当前位置:网站首页>Performance optimization topics
Performance optimization topics
2022-06-22 09:10:00 【zuhan_ twenty million two hundred and ten thousand three hundre】
Recently, the project team is putting into operation the bottleneck problem of performance optimization , The optimization tools and optimization points are summarized as follows :
System level performance optimization usually consists of two phases : Performance analysis (performance profiling) And code optimization .
The goal of performance profiling is to find performance bottlenecks , Find out the causes of performance problems and hot codes .
The goal of code optimization is to optimize code or compilation options for specific performance problems , To improve software performance .
Improve instruction utilization , Need to improve Instruction level parallelism (Instruction Level Parallelism, ILP), Reduce data dependency and memory access dependency .
Function jump , Memory barrier , Branch prediction failure will lead to pipeline jam , Affect instruction execution efficiency . For example, the reasonable use of inline functions can sacrifice storage space , Reduce jump instructions and stack pressing and stack pushing operations , thus Improve execution efficiency .
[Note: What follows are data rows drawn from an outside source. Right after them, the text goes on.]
Lemma proj_diag1_mulmx i (u : 'cV[R]_d) : P i i = 1 -> (P *m u) i 0 = u i 0.
Proof.
move=> Pii.
have offdiag0 k : k != i -> P i k = 0.
  move=> ki; have : \sum_(l | l != i) P l i ^+ 2 = 0.
    by move: (proj_col_sq i); rewrite (bigD1 i) //= Pii expr1n; lra.
  move/eqP; rewrite psumr_eq0 => [|l _]; last exact: sqr_ge0.
  move=> /allP /(_ k (mem_index_enum k)); rewrite ki /= sqrf_eq0 => /eqP Pki.
  by have := congr1 (fun N : 'M[R]_d => N i k) P_sym; rewrite mxE Pki.
rewrite mxE (bigD1 i) //= Pii mul1r big1 ?addr0 // => k ki.
by rewrite offdiag0 // mul0r.
Qed.

End OrthogonalProjection.

Lemma sqnormP_le_sqnorm (R : realType) (d : nat) (P : 'M[R]_d) (u : 'cV[R]_d) :
  P^T = P -> P *m P = P -> sqnormP P u <= sqnorm u.
Proof.
move=> P_sym P_idem.
have Q_sym : (1%:M - P)^T = 1%:M - P by rewrite linearB /= trmx1 P_sym.
have Q_idem : (1%:M - P) *m (1%:M - P) = 1%:M - P.
  by rewrite mulmxBl mul1mx mulmxBr mulmx1 P_idem subrr subr0.
have := sqnormP_ge0 Q_sym Q_idem u.
rewrite /sqnormP /sqnorm mulmxBr mulmx1 mulmxBl [X in 0 <= X]mxE [X in _ + X]mxE.
by rewrite subr_ge0.
Qed.

Lemma le0_of_le_divn (R : realType) (a c : R) :
  (forall n : nat, (0 < n)%N -> a <= c / n%:R) -> a <= 0.
Proof.
move=> le_a; rewrite leNgt; apply/negP => a_gt0.
have c_ge0 : 0 <= c by have := le_a 1%N isT; rewrite divr1; lra.
set n := (Num.bound (c / a)).+1.
have lt_n : c / a < n%:R.
  apply: lt_le_trans (archi_boundP _) _; first by apply: divr_ge0 => //; apply: ltW.
  by rewrite ler_nat.
have n_gt0 : 0 < n%:R :> R by rewrite ltr0n.
have := le_a n isT; rewrite ler_pdivlMr //.
move: lt_n; rewrite ltr_pdivrMr //; nra.
Qed.

Section StronglyConvexFunction.
Variables (R : realType) (d : nat) (P : 'M[R]_d).
Variables (f : 'cV[R]_d -> R) (g : 'cV[R]_d -> 'cV[R]_d) (sigma : R).
Hypotheses (P_sym : P^T = P) (P_idem : P *m P = P).
Hypothesis f_strong : forall x1 y1 : 'cV[R]_d,
  f x1 - f y1 >= ((g y1)^T *m P *m (x1 - y1)) 0 0 + sigma / 2 * sqnormP P (x1 - y1).

(* [f] is constant along [ker P], so its gradient [g] is orthogonal to it. *)
Lemma grad_in_range :
  (forall y : 'cV[R]_d, differentiable f y /\
     forall u : 'cV[R]_d, 'd f y u = ((g y)^T *m u) 0 0) ->
  forall y, P *m g y = g y.
Proof.
move=> f_diff y; set u := g y - P *m g y.
have Pu : P *m u = 0 by rewrite /u mulmxBr mulmxA P_idem subrr.
have Pcu c : P *m (c *: u) = 0 by rewrite -scalemxAr Pu scaler0.
have f_cst c : f (y + c *: u) = f y.
  have := f_strong (y + c *: u) y; have := f_strong y (y + c *: u).
  rewrite addrAC subrr add0r opprD addrA subrr add0r -scaleNr.
  rewrite !trmx_mulmx_ker // /sqnormP !trmx_mulmx_ker // mulr0 addr0; lra.
have grad_u : ((g y)^T *m u) 0 0 = 0.
  have [_ <-] := f_diff y; rewrite -deriveE; last by case: (f_diff y).
  apply/lim_near_cst => //=; near=> c.
  by rewrite /= (addrC (c *: u)) f_cst subrr scaler0.
have : \sum_k u k 0 ^+ 2 = 0.
  have -> : \sum_k u k 0 ^+ 2 = (u^T *m u) 0 0.
    by rewrite [RHS]mxE; apply: eq_bigr => k _; rewrite expr2 [u^T 0 k]mxE.
  have -> : u^T = (g y)^T - (g y)^T *m P by rewrite /u linearB /= trmx_mul P_sym.
  rewrite mulmxBl -mulmxA Pu mulmx0 subr0.
  exact: grad_u.
move/eqP; rewrite psumr_eq0 => [|k _]; last exact: sqr_ge0.
move=> /allP u0; apply/eqP; rewrite eq_sym -subr_eq0; apply/eqP/matrixP => k l.
rewrite (ord1 l) [RHS]mxE; apply/eqP.
by have := u0 k (mem_index_enum k); rewrite sqrf_eq0.
Unshelve. all: by end_near.
Qed.

Hypothesis g_range : forall y, P *m g y = g y.

Lemma coord_strong_convexity (a : 'cV[R]_d) (s : R) i :
  s * g a i 0 + sigma / 2 * (s ^+ 2 * P i i) <= f (a + s *: evec R i) - f a.
Proof.
apply: le_trans (f_strong _ _); rewrite addrAC subrr add0r.
rewrite -(add0r (s *: evec R i)) sqnormP_add_evec // mulmx0.
rewrite (_ : sqnormP P 0 = 0); last by rewrite /sqnormP mulmx0 mxE.
by rewrite trmx_mulmx_fixed // add0r -scalemxAr mxE mulmx_evec !mxE mulr0 !add0r.
Qed.

Hypothesis sigma_ge0 : 0 <= sigma.

Lemma coord_convexity (a : 'cV[R]_d) (s : R) i :
  f (a + s *: evec R i) - f a <= s * g (a + s *: evec R i) i 0.
Proof.
have := coord_strong_convexity (a + s *: evec R i) (- s) i.
rewrite -addrA -scalerDl addrN scale0r addr0.
have : 0 <= sigma / 2 * ((- s) ^+ 2 * P i i).
  by rewrite mulr_ge0 ?divr_ge0 // mulr_ge0 ?sqr_ge0 // proj_diag_ge0.
lra.
Qed.

Variable M : 'I_d -> R.
Hypothesis g_lip : forall (i : 'I_d) (y : 'cV[R]_d) (s : R),
  `|(g (y + s *: evec R i)) i 0 - (g y) i 0| <= M i * `|s|.

Lemma sigma_diag_le_lip i : sigma * P i i <= M i.
Proof.
have up := coord_strong_convexity 0 1 i.
have down := coord_strong_convexity (0 + 1 *: evec R i) (-1) i.
rewrite -addrA -scalerDl addrN scale0r addr0 in down.
have lip := g_lip i 0 1; rewrite normr1 mulr1 in lip.
have := ler_norm (g (0 + 1 *: evec R i) i 0 - g 0 i 0).
move: up down lip; set G1 := g (0 + _) i 0; set G0 := g 0 i 0.
set F1 := f _; set F0 := f 0; clearbody G1 G0 F1 F0; nra.
Qed.

Lemma coord_walk i (y : 'cV[R]_d) (h : R) (n : nat) :
  f (y + (n%:R * h) *: evec R i) - f y
  <= n%:R * h * g y i 0 + M i * h ^+ 2 * (n%:R * n.+1%:R / 2).
Proof.
elim: n => [|n IH]; first by rewrite !mul0r scale0r addr0 subrr mulr0.
have e : y + (n%:R * h) *: evec R i + h *: evec R i = y + (n.+1%:R * h) *: evec R i.
  by rewrite -addrA -scalerDl mulrSr mulrDl mul1r.
have conv := coord_convexity (y + (n%:R * h) *: evec R i) h i; rewrite e in conv.
have lip : h * g (y + (n.+1%:R * h) *: evec R i) i 0
    <= h * g y i 0 + M i * h ^+ 2 * n.+1%:R.
  have : h * (g (y + (n.+1%:R * h) *: evec R i) i 0 - g y i 0)
      <= `|h| * (M i * `|n.+1%:R * h|).
    by apply: le_trans (ler_norm _) _; rewrite normrM; apply: ler_wpM2l.
  have -> : `|h| * (M i * `|n.+1%:R * h|) = M i * h ^+ 2 * n.+1%:R.
    rewrite normrM (ger0_norm (ler0n _ _)) -[h ^+ 2]ger0_norm ?sqr_ge0 //.
    by rewrite normrX; ring.
  lra.
have eS k : k.+1%:R = k%:R + 1 :> R by rewrite mulrSr.
move: IH conv lip; rewrite !(eS n.+1) !(eS n); set N := n%:R.
have -> : M i * h ^+ 2 * ((N + 1) * (N + 1 + 1) / 2)
    = M i * h ^+ 2 * (N * (N + 1) / 2) + M i * h ^+ 2 * (N + 1) by field.
lra.
Qed.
One 、 Performance profiling tools :
1、 perf Tools
effect : View function occupancy CPU The proportion 、cache Hit rate, etc
Usage mode : take perf Tool put /sbin/ Package and execute under the directory
Common commands :
perf top Display the occupation of each function cpu The proportion
perf stat Used to run instructions , And analyze the statistical results
perf stat -r 5 -e cache-misses,cache-references see cache-miss rate
https://wudaijun.com/2019/04/linux-perf/
https://www.cnblogs.com/arnoldlu/p/6241297.html
https://www.cnblogs.com/sunsky303/p/8328836.html
Principle introduction :https://blog.csdn.net/chichi123137/article/details/80139237
2、 profile Tools
effect : Check the function time consumption
Clear command :
readprofile -m /proc/system.ko –p /proc/profile -r
Commands for viewing :
readprofile -m /proc/system.ko –p /proc/profile -v
https://www.cnblogs.com/no7dw/archive/2012/10/17/2727692.html
3、 linux The system has its own commands
(1)top see cpu Usage rate
(2)vmstat 1 see [ Number of context switches ]
Among them cs(context switch) This is the number of context switches per second , According to different scenes ,CPU Context switching can also be divided into interrupt context switching 、 Thread context switch and process context switch , But whatever it is , Too many context switches , Will put CPU Time consumed in registers 、 Kernel stack and virtual memory data storage and recovery , So as to shorten the actual running time of the process , The overall performance of the system is greatly reduced .vmstat In the output of us、sy User mode and kernel mode respectively CPU utilization , These two values are also very referential .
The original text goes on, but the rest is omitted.